- Artist: Jean-Michel Basquiat
- Year: 1982
- Medium: Acrylic, oilstick and paper collage on canvas
- Movement: Neo-expressionism
- Dimensions: 183.3 cm × 213.2 cm (72.2 in × 83.9 in)
- Owner: The Schorr Family Collection

= Leonardo da Vinci's Greatest Hits =

1982 painting by Jean-Michel Basquiat

Leonardo da Vinci's Greatest Hits is a painting created by American artist Jean-Michel Basquiat in 1982.

==Analysis==
Jean-Michel Basquiat primarily used texts as reference sources for his artwork. He drew inspiration from the medical book Gray's Anatomy, which had been given to him by his mother as a child while he recovered from a car accident in the hospital. Leonardo da Vinci's Greatest Hits references Renaissance man Leonardo da Vinci's anatomical drawings of body parts and graphic notations. Basquiat brought symbolism into this work with a depiction of African American folk hero John Henry on the lower left. Among the scattering of words written across a white collage, Basquiat's signature three crown motif appears three times.
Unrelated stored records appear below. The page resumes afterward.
Lemma tight_even : n = h.*2.+2 -> h \in [:: 2; 4].
Proof.
move=> n_even; have n_gt : h.*2.+1 < n by rewrite n_even.
have [w [p compl]] := tight_completion_centres n_gt.
have [x0_lt w_lt p_lt] : [/\ x0 < h.*2.+2, w < h.*2.+2 & p < h.*2.+2] by rewrite -n_even.
have := packing_centres; rewrite n_even => pk.
exact: tight_completion_small pk size_centres x0_lt w_lt p_lt compl.
Qed.

End ExtendedIrregularDomination.

Lemma ext_irr_dom_card n (S : {set 'I_n}) lab : ext_irr_dom S lab -> n.+2 %/ 2 <= #|S|.
Proof.
case=> lab_inj [[x0 x0_in lab_x0] covering].
exact: ext_irr_dom_card_ge lab_inj x0_in lab_x0 covering.
Qed.

Definition labelling (vs ls : seq nat) v := nth 0 ls (index v vs).

Lemma gamma_e_eq_labelling n (vs ls : seq nat) : let lb := labelling vs ls in
  all (gtn n) vs -> count (mem vs) (iota 0 n) = n.+2 %/ 2 ->
  all (fun v => all (fun v' => (lb v == lb v') ==> (v == v')) vs) vs ->
  has (fun v => lb v == 0) vs ->
  all (fun u => has (fun v => maxn (u - v) (v - u) == lb v) vs) (iota 0 n) ->
  gamma_e_eq n (n.+2 %/ 2).
Proof.
move=> lb /allP vs_lt card_vs /allP lb_inj /hasP[v0 v0_in /eqP lb_v0] /allP covering.
pose S := [set u : 'I_n | (u : nat) \in vs]; pose lab (u : 'I_n) := lb u.
have dom : ext_irr_dom S lab.
  split; last split.
  - move=> u u'; rewrite !inE => u_in u'_in lb_eq; apply/val_inj/eqP.
    by move/allP: (lb_inj _ u_in) => /(_ _ u'_in); rewrite [lb u]lb_eq eqxx.
  - by exists (Ordinal (vs_lt _ v0_in)); rewrite ?inE.
  - have u_in (u : 'I_n) : (u : nat) \in iota 0 n by rewrite mem_iota add0n ltn_ord.
    move=> u; have /hasP[v v_in /eqP v_u] := covering u (u_in u).
    by exists (Ordinal (vs_lt _ v_in)); rewrite ?inE // /dominates /path_dist v_u.
split; last by move=> S' lab' /ext_irr_dom_card.
exists S, lab; split=> //.
by rewrite cardsE cardE -(size_map val) -filter_map /= -enumT val_enum_ord size_filter.
Qed.

Lemma gamma_e_eq_1 : gamma_e_eq 1 (3 %/ 2).
Proof. by apply: (@gamma_e_eq_labelling 1 [:: 0] [:: 0]). Qed.

Lemma gamma_e_eq_6 : gamma_e_eq 6 (8 %/ 2).
Proof. by apply: (@gamma_e_eq_labelling 6 [:: 0; 1; 3; 4] [:: 3; 1; 2; 0]). Qed.

Lemma gamma_e_eq_10 : gamma_e_eq 10 (12 %/ 2).
Proof. by apply: (@gamma_e_eq_labelling 10 [:: 0; 2; 3; 4; 5; 6] [:: 7; 0; 3; 1; 4; 2]). Qed.

Theorem theorem5p7 (n : nat) : 1 <= n ->
  (gamma_e_eq n (n.+2 %/ 2) <-> n \in [:: 1; 6; 10]).
Proof.
move=> n_gt0; split; last first.
  by rewrite !inE => /or3P[]/eqP->; [exact: gamma_e_eq_1|exact: gamma_e_eq_6|exact: gamma_e_eq_10].
case=> -[S [lab [[lab_inj [[x0 x0_in lab_x0] covering]] card_S]]] _.
have [h n_eq] : exists h, n = h.*2.+1 \/ n = h.*2.+2 by exists (n.-1 %/ 2); lia.
have S_tight : #|S| + h = n by lia.
have n_le : n <= h.*2.+2 by lia.
case: n_eq => n_eq.
  by rewrite n_eq (tight_odd lab_inj x0_in lab_x0 covering S_tight n_le n_eq).
have := tight_even lab_inj x0_in lab_x0 covering S_tight n_le n_eq.
by rewrite n_eq !inE => /orP[]/eqP->.
Qed.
This painting "is almost a summary or encyclopedia of his work," said curator Kelly Baum.

==Exhibitions==
Leonardo da Vinci's Greatest Hits was exhibited at the Fun Gallery in the East Village of Manhattan in 1982. The painting is owned by Herb and Lenore Schorr. In 2015, it was loaned to the Princeton University Art Museum in Princeton, New Jersey for the exhibition Collecting Contemporary, 1960–2015: Selections from the Schorr Collection.